Among the records that follow, find the line with "assert (Hg' : ex_derive_upto U n g')." and the line with "exp (c * t))).". Set down those lines and all lines between them exactly, without adding anything.

*** Opening STORED DATA ***

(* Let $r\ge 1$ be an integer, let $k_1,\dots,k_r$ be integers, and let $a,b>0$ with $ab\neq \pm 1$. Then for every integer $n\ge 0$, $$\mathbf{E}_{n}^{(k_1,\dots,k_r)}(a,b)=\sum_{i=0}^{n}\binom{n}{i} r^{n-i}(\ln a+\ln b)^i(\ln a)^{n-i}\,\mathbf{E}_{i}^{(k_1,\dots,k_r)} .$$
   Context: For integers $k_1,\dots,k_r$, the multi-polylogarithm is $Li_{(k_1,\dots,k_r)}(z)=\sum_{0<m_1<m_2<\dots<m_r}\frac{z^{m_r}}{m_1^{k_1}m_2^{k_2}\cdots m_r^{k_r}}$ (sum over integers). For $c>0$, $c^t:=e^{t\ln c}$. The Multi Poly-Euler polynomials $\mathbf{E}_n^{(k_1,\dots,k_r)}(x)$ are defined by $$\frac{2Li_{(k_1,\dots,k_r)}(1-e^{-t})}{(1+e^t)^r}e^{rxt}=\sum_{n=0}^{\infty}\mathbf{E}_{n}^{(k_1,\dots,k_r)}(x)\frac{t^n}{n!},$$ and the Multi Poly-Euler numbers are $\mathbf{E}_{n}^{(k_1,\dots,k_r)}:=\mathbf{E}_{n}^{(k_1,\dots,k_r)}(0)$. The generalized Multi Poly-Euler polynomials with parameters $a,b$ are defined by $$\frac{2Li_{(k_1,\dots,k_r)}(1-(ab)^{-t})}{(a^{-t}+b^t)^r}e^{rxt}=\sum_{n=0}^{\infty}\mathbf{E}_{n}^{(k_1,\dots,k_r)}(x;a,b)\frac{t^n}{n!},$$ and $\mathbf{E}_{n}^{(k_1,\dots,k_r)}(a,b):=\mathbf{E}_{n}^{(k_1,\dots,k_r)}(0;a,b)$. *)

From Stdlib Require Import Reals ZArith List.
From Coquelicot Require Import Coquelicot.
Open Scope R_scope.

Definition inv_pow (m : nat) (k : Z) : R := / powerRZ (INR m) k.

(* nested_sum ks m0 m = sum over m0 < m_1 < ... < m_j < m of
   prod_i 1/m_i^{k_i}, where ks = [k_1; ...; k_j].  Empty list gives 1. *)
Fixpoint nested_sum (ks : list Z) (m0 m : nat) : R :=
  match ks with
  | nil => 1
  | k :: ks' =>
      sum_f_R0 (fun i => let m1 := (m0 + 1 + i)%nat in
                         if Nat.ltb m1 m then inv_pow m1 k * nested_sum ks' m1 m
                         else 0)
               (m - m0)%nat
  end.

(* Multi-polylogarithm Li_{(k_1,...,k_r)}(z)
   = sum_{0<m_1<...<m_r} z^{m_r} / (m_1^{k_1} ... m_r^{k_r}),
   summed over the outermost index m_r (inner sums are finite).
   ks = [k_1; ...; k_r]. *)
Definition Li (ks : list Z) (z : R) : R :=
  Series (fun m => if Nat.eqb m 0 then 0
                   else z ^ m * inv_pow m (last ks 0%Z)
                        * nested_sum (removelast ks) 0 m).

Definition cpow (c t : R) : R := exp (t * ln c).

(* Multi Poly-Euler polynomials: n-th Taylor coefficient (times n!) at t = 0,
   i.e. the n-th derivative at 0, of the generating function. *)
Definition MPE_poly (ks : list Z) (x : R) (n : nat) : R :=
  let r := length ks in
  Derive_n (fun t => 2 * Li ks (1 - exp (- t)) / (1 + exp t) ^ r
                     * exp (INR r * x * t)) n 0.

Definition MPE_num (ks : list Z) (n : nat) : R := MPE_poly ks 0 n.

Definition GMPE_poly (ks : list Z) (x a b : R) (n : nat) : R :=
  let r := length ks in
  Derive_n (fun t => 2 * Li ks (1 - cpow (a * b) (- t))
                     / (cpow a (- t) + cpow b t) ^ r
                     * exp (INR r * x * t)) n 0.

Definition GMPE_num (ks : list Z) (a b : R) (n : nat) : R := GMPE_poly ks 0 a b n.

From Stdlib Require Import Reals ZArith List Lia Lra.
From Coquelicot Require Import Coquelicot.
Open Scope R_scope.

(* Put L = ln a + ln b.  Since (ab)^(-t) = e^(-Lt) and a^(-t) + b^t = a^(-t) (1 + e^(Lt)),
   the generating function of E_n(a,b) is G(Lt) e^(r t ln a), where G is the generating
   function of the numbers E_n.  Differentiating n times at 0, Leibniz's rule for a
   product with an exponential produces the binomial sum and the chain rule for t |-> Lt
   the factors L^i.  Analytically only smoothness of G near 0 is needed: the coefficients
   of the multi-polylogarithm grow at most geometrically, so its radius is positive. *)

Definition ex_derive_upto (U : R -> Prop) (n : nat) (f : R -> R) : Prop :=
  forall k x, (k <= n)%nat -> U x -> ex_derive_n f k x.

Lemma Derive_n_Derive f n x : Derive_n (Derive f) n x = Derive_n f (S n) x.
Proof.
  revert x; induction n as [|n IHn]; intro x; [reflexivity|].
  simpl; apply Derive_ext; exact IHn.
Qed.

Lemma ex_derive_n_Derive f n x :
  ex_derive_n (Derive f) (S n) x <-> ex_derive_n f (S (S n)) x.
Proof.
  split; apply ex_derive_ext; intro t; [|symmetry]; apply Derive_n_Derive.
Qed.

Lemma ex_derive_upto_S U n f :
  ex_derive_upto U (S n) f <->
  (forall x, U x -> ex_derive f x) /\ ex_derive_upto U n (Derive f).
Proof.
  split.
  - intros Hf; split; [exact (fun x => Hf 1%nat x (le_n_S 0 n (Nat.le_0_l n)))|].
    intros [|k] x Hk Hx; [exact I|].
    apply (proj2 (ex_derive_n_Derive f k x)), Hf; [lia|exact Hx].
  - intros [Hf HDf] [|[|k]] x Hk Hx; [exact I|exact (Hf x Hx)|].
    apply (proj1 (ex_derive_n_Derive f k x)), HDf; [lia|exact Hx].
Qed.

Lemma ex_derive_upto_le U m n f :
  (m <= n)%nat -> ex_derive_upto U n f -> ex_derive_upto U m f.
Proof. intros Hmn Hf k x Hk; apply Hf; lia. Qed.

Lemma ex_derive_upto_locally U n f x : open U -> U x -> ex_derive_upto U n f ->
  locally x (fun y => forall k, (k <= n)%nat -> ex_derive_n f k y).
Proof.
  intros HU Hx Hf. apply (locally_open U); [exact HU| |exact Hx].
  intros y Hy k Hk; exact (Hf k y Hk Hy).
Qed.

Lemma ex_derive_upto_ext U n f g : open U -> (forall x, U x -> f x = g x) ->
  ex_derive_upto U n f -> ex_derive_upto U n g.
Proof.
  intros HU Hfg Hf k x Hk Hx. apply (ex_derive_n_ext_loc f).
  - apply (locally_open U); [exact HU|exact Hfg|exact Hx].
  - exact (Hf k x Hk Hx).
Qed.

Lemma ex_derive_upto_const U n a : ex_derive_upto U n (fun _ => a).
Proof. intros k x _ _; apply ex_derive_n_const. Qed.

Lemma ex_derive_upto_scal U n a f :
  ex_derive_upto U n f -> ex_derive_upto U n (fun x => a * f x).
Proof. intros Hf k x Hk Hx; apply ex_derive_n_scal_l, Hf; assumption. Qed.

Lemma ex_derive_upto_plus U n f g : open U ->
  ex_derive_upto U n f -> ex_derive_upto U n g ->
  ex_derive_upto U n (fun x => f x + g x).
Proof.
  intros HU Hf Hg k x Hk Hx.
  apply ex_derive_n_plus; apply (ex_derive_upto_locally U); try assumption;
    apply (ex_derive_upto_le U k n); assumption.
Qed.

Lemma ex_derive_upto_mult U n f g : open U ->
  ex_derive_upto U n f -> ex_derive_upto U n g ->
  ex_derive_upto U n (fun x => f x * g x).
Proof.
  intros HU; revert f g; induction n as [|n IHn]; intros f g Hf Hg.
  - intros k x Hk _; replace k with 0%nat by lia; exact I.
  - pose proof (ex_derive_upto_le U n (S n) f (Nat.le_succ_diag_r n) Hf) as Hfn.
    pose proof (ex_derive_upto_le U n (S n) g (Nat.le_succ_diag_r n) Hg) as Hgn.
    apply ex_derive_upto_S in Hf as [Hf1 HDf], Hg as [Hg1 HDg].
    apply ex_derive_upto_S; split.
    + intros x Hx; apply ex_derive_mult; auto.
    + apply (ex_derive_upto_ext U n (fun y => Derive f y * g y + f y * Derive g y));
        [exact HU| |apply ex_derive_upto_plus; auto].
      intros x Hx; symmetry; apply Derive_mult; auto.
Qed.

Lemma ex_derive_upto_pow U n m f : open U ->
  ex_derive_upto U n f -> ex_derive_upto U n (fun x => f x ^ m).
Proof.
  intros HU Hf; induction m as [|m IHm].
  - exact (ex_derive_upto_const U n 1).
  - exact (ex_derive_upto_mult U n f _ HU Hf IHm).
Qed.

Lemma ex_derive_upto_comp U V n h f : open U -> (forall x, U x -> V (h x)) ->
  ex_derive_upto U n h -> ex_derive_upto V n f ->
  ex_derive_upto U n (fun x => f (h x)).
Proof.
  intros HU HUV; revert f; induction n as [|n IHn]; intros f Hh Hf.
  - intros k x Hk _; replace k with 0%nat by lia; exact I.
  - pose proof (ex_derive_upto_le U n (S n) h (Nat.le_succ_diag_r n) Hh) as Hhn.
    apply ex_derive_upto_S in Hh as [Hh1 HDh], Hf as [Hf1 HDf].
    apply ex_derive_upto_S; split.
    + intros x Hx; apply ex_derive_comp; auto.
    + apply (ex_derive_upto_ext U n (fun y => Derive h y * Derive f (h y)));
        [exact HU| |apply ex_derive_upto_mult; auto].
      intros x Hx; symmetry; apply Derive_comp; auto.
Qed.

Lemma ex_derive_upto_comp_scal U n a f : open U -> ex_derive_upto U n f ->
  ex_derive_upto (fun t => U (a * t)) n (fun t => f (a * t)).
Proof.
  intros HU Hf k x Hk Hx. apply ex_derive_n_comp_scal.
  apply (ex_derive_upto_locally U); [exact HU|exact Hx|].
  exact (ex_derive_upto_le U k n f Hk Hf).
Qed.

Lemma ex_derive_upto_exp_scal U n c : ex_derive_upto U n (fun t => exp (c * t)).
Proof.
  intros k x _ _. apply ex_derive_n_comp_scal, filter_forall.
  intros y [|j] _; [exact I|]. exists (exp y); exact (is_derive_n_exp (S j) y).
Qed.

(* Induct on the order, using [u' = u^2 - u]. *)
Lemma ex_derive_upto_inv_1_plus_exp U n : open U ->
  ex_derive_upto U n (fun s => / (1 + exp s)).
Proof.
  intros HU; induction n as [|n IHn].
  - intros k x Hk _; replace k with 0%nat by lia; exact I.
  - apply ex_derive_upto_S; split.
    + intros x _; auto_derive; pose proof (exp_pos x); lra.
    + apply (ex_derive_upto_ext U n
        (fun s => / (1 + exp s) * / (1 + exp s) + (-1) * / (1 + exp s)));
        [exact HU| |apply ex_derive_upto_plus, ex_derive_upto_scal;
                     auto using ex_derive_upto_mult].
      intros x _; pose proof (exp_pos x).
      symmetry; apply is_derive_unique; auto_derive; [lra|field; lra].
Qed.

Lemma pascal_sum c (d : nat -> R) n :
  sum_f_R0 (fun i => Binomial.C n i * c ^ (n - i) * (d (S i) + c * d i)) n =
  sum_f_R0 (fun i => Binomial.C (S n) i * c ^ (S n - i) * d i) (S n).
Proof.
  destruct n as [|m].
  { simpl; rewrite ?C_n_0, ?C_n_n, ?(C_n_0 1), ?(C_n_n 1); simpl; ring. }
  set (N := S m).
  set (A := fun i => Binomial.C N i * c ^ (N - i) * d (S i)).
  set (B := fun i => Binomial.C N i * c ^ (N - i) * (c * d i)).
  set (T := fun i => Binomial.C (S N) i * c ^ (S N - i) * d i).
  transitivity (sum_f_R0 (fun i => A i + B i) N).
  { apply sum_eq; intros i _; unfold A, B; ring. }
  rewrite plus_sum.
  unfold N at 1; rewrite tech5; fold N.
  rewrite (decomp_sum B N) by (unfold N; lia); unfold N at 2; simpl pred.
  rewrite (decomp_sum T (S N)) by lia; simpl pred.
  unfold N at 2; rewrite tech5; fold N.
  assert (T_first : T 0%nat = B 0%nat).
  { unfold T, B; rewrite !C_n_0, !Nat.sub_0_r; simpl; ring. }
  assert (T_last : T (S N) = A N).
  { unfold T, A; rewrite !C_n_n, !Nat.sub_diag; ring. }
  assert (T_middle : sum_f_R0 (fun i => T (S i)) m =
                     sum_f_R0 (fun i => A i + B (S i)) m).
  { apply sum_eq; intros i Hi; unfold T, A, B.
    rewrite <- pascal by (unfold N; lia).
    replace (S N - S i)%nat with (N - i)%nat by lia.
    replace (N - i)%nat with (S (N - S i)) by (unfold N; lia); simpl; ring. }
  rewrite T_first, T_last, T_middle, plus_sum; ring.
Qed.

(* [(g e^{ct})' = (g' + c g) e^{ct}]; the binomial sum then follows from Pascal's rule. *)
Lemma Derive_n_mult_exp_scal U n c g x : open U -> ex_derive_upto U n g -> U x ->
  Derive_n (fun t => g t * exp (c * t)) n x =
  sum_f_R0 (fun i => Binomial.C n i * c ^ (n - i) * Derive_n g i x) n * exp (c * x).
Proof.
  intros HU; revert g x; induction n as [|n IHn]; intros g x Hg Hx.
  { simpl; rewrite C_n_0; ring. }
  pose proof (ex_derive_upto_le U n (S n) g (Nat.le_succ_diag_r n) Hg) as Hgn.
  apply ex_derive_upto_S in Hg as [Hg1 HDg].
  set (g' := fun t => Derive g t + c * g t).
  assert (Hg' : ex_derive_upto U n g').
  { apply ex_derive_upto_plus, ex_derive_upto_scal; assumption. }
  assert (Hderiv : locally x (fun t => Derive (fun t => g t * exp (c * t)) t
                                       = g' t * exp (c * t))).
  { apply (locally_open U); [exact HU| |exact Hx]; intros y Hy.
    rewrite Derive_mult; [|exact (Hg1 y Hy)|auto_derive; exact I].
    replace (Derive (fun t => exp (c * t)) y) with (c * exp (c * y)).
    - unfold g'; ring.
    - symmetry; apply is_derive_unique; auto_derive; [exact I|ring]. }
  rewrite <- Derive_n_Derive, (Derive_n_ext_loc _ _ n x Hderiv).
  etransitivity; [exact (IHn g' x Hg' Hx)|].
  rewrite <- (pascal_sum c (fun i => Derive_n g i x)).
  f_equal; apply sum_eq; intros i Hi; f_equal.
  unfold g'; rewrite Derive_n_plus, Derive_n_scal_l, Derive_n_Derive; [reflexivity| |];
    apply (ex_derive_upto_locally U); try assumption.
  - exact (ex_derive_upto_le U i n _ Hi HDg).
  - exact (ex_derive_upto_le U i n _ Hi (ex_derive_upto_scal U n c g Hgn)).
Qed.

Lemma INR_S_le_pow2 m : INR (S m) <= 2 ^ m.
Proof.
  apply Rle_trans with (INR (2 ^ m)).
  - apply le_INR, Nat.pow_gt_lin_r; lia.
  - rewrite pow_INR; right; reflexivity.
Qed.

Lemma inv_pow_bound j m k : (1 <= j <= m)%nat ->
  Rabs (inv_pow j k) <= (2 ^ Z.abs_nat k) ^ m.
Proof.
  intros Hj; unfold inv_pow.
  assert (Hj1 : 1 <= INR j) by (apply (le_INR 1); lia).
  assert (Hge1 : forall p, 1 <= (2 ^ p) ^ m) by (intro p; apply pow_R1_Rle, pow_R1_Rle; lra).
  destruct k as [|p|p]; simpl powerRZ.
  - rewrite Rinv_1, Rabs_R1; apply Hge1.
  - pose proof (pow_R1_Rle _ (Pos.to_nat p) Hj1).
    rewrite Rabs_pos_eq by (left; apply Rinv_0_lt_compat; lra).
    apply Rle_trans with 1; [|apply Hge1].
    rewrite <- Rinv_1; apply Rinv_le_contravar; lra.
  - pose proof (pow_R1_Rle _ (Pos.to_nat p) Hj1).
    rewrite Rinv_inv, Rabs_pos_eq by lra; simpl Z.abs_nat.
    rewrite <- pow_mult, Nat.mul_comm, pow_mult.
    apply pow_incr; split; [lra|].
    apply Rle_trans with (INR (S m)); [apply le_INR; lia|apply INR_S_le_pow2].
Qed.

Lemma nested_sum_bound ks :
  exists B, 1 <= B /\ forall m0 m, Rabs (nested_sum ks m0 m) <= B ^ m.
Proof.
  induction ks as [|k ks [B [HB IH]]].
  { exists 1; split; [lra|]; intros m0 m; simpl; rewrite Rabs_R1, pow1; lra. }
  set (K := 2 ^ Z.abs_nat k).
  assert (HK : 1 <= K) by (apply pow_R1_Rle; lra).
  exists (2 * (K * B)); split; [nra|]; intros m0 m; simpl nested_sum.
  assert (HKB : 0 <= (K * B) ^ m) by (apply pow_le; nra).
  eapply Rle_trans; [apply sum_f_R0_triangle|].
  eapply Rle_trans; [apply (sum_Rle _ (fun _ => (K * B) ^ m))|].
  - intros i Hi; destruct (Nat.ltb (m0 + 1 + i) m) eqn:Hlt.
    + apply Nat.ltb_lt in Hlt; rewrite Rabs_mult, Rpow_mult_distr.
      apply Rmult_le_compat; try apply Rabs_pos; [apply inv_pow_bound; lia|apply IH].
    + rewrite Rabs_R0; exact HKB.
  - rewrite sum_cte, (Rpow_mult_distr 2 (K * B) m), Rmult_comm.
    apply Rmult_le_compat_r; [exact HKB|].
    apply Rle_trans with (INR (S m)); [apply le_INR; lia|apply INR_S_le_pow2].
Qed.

*** Closing STORED DATA ***

SOLUTION |
  assert (Hg' : ex_derive_upto U n g').
  { apply ex_derive_upto_plus, ex_derive_upto_scal; assumption. }
  assert (Hderiv : locally x (fun t => Derive (fun t => g t * exp (c * t)) t
                                       = g' t * exp (c * t))).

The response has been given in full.